= John M. Summerill Jr. =

American politician (1898-1969)

John M. Summerill Jr. (August 3, 1898 – August 24, 1969) was an American Republican Party politician who served as President of the New Jersey State Senate and as Acting Governor of New Jersey.

==Early life==
Summerill was born August 3, 1898, in Penns Grove, New Jersey, the son of John M. Summerill and Eleanor W. Jacoby Summerill. He attended Wenonah Academy and is a 1922 graduate of Rutgers University, where he was a four-letter man. He was an assistant coach of the Rutgers football team under coach George Sanford. He received his law degree from the New Jersey Law School (now Rutgers University Law School). He practiced law in Camden County before opening a law office in Salem County in 1935. He was elected Republican State Committeeman from Salem County in 1933 and held that post until 1943. During World War I, Summerill was a member of the Students Army Training Corps.

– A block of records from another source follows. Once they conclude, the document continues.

(* Let $A$ and $B$ be nontrivial commutative groups. (a) If $A$ is a torsion group and $B$ is torsion-free, then $\mathcal D(A,B)=\{-\infty,0,\infty\}$. (b) If $A$ is a torsion group and $B$ is torsion-split with $B[\mathrm{tors}]\ne\{0\}$ and $B/B[\mathrm{tors}]\ne\{0\}$, then $\mathcal D(A,B)=\mathcal D(A,B[\mathrm{tors}])\cup\{\infty\}$. (c) If there is a surjective homomorphism $A\to\mathbb{Z}$, then $\mathcal D(A,B)=\widetilde{\mathbb N}$.
   Context: For commutative groups $A,B$, $B^A$ denotes the commutative group (under pointwise addition) of all maps $A\to B$. For $a\in A$, the difference operator $\Delta_a:B^A\to B^A$ is $(\Delta_a f)(x)=f(x+a)-f(x)$. Let $\widetilde{\mathbb N}=\mathbb N\cup\{-\infty,\infty\}$ ($\mathbb N=\{0,1,2,\dots\}$), totally ordered with $-\infty$ least and $\infty$ greatest. The functional degree $\operatorname{fdeg}(f)\in\widetilde{\mathbb N}$ of $f\in B^A$ is: $-\infty$ if $f=0$; otherwise the least $n\in\mathbb N$ such that $\Delta_{a_1}\cdots\Delta_{a_{n+1}}f=0$ for all $a_1,\dots,a_{n+1}\in A$; and $\infty$ if no such $n$ exists. $\mathcal D(A,B)=\{\operatorname{fdeg}(f):f\in B^A\}\subseteq\widetilde{\mathbb N}$. $B[\mathrm{tors}]$ is the torsion subgroup of $B$; $B$ is torsion-split if $B[\mathrm{tors}]$ is a direct summand of $B$. *)

From HB Require Import structures.
From mathcomp Require Import all_boot all_order all_algebra.
From mathcomp Require Import boolp.
Set Implicit Arguments. Unset Strict Implicit. Unset Printing Implicit Defensive.
Import Order.TTheory GRing.Theory Num.Theory.
Local Open Scope ring_scope.

(* Extended naturals  N~ = N ∪ {-oo, +oo}, ordered -oo < 0 < 1 < ... < +oo. *)
Inductive enat := NegInf | Fin of nat | PosInf.

Section FDeg.
Variables A B : zmodType.

Definition delta (a : A) (f : A -> B) : A -> B := fun x => f (x + a) - f x.

Definition deltas (s : seq A) (f : A -> B) : A -> B := foldr delta f s.

Definition kills (n : nat) (f : A -> B) : Prop :=
  forall s : seq A, size s = n.+1 -> forall x, deltas s f x = 0.

(* is_fdeg f d  <->  fdeg f = d. *)
Definition is_fdeg (f : A -> B) (d : enat) : Prop :=
  match d with
  | NegInf => forall x, f x = 0
  | Fin n => (exists x, f x != 0) /\ kills n f /\ (forall m, (m < n)%N -> ~ kills m f)
  | PosInf => (exists x, f x != 0) /\ (forall n, ~ kills n f)
  end.

Definition Dset (d : enat) : Prop := exists f : A -> B, is_fdeg f d.
End FDeg.

Section Tors.
Variable B : zmodType.

Definition is_tors (b : B) : Prop := exists n : nat, (0 < n)%N /\ b *+ n = 0.

Definition torsb : {pred B} := fun b => `[< is_tors b >].

Lemma torsb_zmod_closed : zmod_closed torsb.
Proof.
split.
  by apply/asboolP; exists 1%N; rewrite mulr1n.
move=> x y /asboolP [n [n0 xn]] /asboolP [m [m0 ym]]; apply/asboolP.
exists (n * m)%N; split; first by rewrite muln_gt0 n0.
by rewrite mulrnBl mulrnA xn mul0rn mulnC mulrnA ym mul0rn subr0.
Qed.

HB.instance Definition _ := GRing.isZmodClosed.Build B torsb torsb_zmod_closed.

Record tors_sub := TorsSub { tors_val :> B; _ : tors_val \in torsb }.
HB.instance Definition _ := [isSub for tors_val].
HB.instance Definition _ := [Choice of tors_sub by <:].
HB.instance Definition _ := [SubChoice_isSubZmodule of tors_sub by <:].
End Tors.

Definition is_torsion_group (A : zmodType) : Prop := forall a : A, is_tors a.
Definition is_torsion_free (B : zmodType) : Prop :=
  forall (b : B) (n : nat), (0 < n)%N -> b *+ n = 0 -> b = 0.

Definition torsion_split (B : zmodType) : Prop :=
  exists C : B -> Prop,
    [/\ C 0, (forall x y, C x -> C y -> C (x - y)),
        (forall b, C b -> is_tors b -> b = 0) &
        (forall b, exists t c, is_tors t /\ C c /\ b = t + c)].

From HB Require Import structures.
From mathcomp Require Import all_boot all_order all_algebra boolp zify.
Set Implicit Arguments. Unset Strict Implicit. Unset Printing Implicit Defensive.
Import GRing.Theory.
Local Open Scope ring_scope.

(* On a torsion group A, a function whose values lie in a subgroup C without
   torsion and whose iterated differences eventually vanish is constant: by
   induction every difference Delta_a f is a constant c, and if m a = 0 then
   0 = f (x + m a) - f x = m c, so c = 0.  Hence for torsion-free B only the
   degrees -oo, 0 and oo occur, the last one realised by the indicator of 0.
   If B = B[tors] (+) C, projecting onto C shows that a function of finite
   positive degree becomes torsion-valued after subtracting a constant, which
   does not change its degree.
   On Z, iterating the discrete antiderivative n times on the constant b gives
   k |-> binom(k, n) b, of degree n, and the indicator of 0 has degree oo;
   precomposition with a surjective homomorphism A -> Z preserves degrees. *)

Section FunctionalDegree.
Variables A B : zmodType.
Implicit Types (f g : A -> B) (s : seq A) (a x : A).

Lemma deltas_rcons s a f : deltas (rcons s a) f = deltas s (delta a f).
Proof. by rewrite /deltas foldr_rcons. Qed.

Lemma eq_deltas s f g : f =1 g -> deltas s f =1 deltas s g.
Proof. by move=> fg; elim: s => [|a s IH] x //=; rewrite /delta !IH. Qed.

Lemma deltasD s f g x :
  deltas s (fun y => f y + g y) x = deltas s f x + deltas s g x.
Proof. by elim: s x => [|a s IH] x //=; rewrite /delta !IH opprD addrACA. Qed.

Lemma deltas_cst s (c : B) x :
  deltas s (fun=> c) x = if s is [::] then c else 0.
Proof.
elim: s x => [|a s IH] x //=; rewrite /delta !IH.
by case: s {IH} => [|? ?]; rewrite subrr.
Qed.

Lemma deltas_shift s f c x :
  deltas s (fun y => f (y + c)) x = deltas s f (x + c).
Proof. by elim: s x => [|a s IH] x //=; rewrite /delta !IH addrAC. Qed.

Lemma deltas_nseq_vanish f a n x :
  (forall j, (j < n)%N -> f (x + a *+ j) = 0) ->
  deltas (nseq n a) f x = f (x + a *+ n).
Proof.
elim: n x => [|n IH] x f0 /=; first by rewrite mulr0n addr0.
rewrite /delta IH => [|j jn]; last by rewrite -addrA -mulrS f0.
rewrite IH => [|j jn]; last by rewrite f0 // ltnW.
by rewrite f0 // subr0 -addrA -mulrS.
Qed.

Lemma delta_cst_mulrn f a x m :
  (forall y, delta a f y = delta a f x) ->
  f (x + a *+ m) = f x + delta a f x *+ m.
Proof.
move=> cst; elim: m => [|m IH]; first by rewrite !mulr0n !addr0.
have step y : f (y + a) = f y + delta a f y by rewrite /delta addrCA subrr addr0.
by rewrite mulrSr addrA step cst IH -addrA -mulrSr.
Qed.

Lemma killsSE n f : kills n.+1 f <-> forall a, kills n (delta a f).
Proof.
split=> [kf a s sn x | kf s].
  by rewrite -deltas_rcons kf // size_rcons sn.
by case/lastP: s => [//|s a]; rewrite size_rcons => -[sn] x; rewrite deltas_rcons kf.
Qed.

Lemma kills0E f : kills 0 f <-> forall a x, f (x + a) = f x.
Proof.
split=> [kf a x | fa [|a []] //= _ x]; last by rewrite /delta fa subrr.
by apply/eqP; rewrite -subr_eq0; apply/eqP; apply: (kf [:: a]).
Qed.

Lemma kills_leq m n f : (m <= n)%N -> kills m f -> kills n f.
Proof.
move=> /subnK <-; elim: (n - m)%N => [//|k IH] /IH kf [//|a s] /= [sn] x.
by rewrite /delta !kf // subrr.
Qed.

Lemma eq_kills n f g : f =1 g -> kills n f -> kills n g.
Proof. by move=> fg kf s sn x; rewrite -(eq_deltas s fg) kf. Qed.

Lemma killsD n f g : kills n f -> kills n g -> kills n (fun y => f y + g y).
Proof. by move=> kf kg s sn x; rewrite deltasD kf // kg // addr0. Qed.

Lemma kills_shift n f c : kills n f -> kills n (fun y => f (y + c)).
Proof. by move=> kf s sn x; rewrite deltas_shift kf. Qed.

Lemma kills_cst n (c : B) : kills n (fun _ : A => c).
Proof. by move=> [|a s] // _ x; rewrite deltas_cst. Qed.

Lemma kills_subr_cst n f (c : B) : kills n (fun y => f y - c) <-> kills n f.
Proof.
have E s x : size s = n.+1 -> deltas s (fun y => f y - c) x = deltas s f x.
  by case: s => // a s _; rewrite deltasD deltas_cst addr0.
by split=> kf s sn x; [rewrite -E // kf | rewrite E // kf].
Qed.

Lemma exists_neq0P f : (exists x, f x != 0) <-> ~ (forall x, f x = 0).
Proof.
split=> [[x fx] f0 | nf0]; first by rewrite f0 eqxx in fx.
apply: contrapT => nex; apply: nf0 => x; apply/eqP.
by apply: contra_notT nex => fx; exists x.
Qed.

Lemma is_fdeg_FinS n f :
  is_fdeg f (Fin n.+1) <-> kills n.+1 f /\ (forall m, (m < n.+1)%N -> ~ kills m f).
Proof.
split=> [[_ //] | [kf low]]; split=> //; apply/exists_neq0P => f0.
by apply: (low 0%N) => //; apply: (eq_kills _ (@kills_cst 0 0)) => x; rewrite f0.
Qed.

Lemma is_fdeg_cst (c : B) : c != 0 -> is_fdeg (fun _ : A => c) (Fin 0).
Proof. by move=> c0; split; [exists 0 | split=> //; apply/kills0E]. Qed.

Lemma is_fdeg_subr_cst n f (c : B) :
  is_fdeg f (Fin n.+1) -> is_fdeg (fun y => f y - c) (Fin n.+1).
Proof.
move=> /is_fdeg_FinS [kf low]; apply/is_fdeg_FinS.
by split=> [|m mn]; rewrite kills_subr_cst //; apply: low.
Qed.

End FunctionalDegree.

Lemma is_fdeg_transfer (A B A' B' : zmodType) (f : A -> B) (g : A' -> B') d :
  ((forall x, f x = 0) <-> (forall y, g y = 0)) ->
  (forall n, kills n f <-> kills n g) -> is_fdeg f d <-> is_fdeg g d.
Proof.
move=> f0g0 kfg.
have nz : (exists x, f x != 0) <-> (exists y, g y != 0).
  by split=> /exists_neq0P nf0; apply/exists_neq0P => z0; apply/nf0/f0g0.
case: d => [|n|] //=.
  by split=> -[/nz nz' [/kfg kn low]]; split=> //; split=> // m mn /kfg; apply: low.
by split=> -[/nz nz' nk]; split=> // n /kfg; apply: nk.
Qed.

Section Homomorphisms.
Variables A A' B B' : zmodType.

Lemma deltas_morph_comp (h : B -> B') (f : A -> B) s x :
  {morph h : u v / u - v} -> deltas s (fun y => h (f y)) x = h (deltas s f x).
Proof. by move=> hB; elim: s x => [|a s IH] x //=; rewrite /delta !IH hB. Qed.

Lemma morphB_0 (h : B -> B') : {morph h : u v / u - v} -> h 0 = 0.
Proof. by move=> hB; rewrite -(subrr 0) hB subrr. Qed.

Lemma kills_morph_comp n (h : B -> B') (f : A -> B) :
  {morph h : u v / u - v} -> kills n f -> kills n (fun y => h (f y)).
Proof. by move=> hB kf s sn x; rewrite deltas_morph_comp // kf // morphB_0. Qed.

Lemma is_fdeg_inj_comp (h : B -> B') (f : A -> B) d :
  {morph h : u v / u - v} -> injective h ->
  is_fdeg (fun y => h (f y)) d <-> is_fdeg f d.
Proof.
move=> hB h_inj; have h0 := morphB_0 hB.
have h_eq0 u : h u = 0 <-> u = 0 by split=> [|->//]; rewrite -h0 => /h_inj.
apply: is_fdeg_transfer => [|n].
  by split=> f0 x; [apply/h_eq0 | rewrite f0].
split=> kf s sn x; last by rewrite (deltas_morph_comp f s x hB) kf.
by apply/h_eq0; rewrite -(deltas_morph_comp f s x hB) kf.
Qed.

Lemma deltas_comp_morph (phi : A -> A') (g : A' -> B) s x :
  {morph phi : u v / u + v} ->
  deltas s (fun y => g (phi y)) x = deltas (map phi s) g (phi x).
Proof. by move=> phiD; elim: s x => [|a s IH] x //=; rewrite /delta !IH phiD. Qed.

Lemma is_fdeg_surj_comp (phi : A -> A') (g : A' -> B) d :
  {morph phi : u v / u + v} -> (forall y, exists x, phi x = y) ->
  is_fdeg (fun x => g (phi x)) d <-> is_fdeg g d.
Proof.
move=> phiD /choice [psi psiK].
apply: is_fdeg_transfer => [|n].
  by split=> g0 y; [rewrite -(psiK y) g0 | rewrite g0].
split=> kg s sn y; last by rewrite deltas_comp_morph // kg ?size_map.
by rewrite -(mapK psiK s) -(psiK y) -deltas_comp_morph // kg ?size_map.
Qed.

==New Jersey State Assemblyman==
He was elected to the New Jersey General Assembly in 1928, at age 30, and was re-elected in 1929 and 1930.

==New Jersey State Senator==
Summerill was elected to the New Jersey State Senate in 1938. He was the Senate President in 1948, and during the extended illness of Governor Alfred Driscoll, he served as the Acting Governor. Summerill was defeated in his 1955 bid for re-election by Democrat John A. Waddington, an Assemblyman.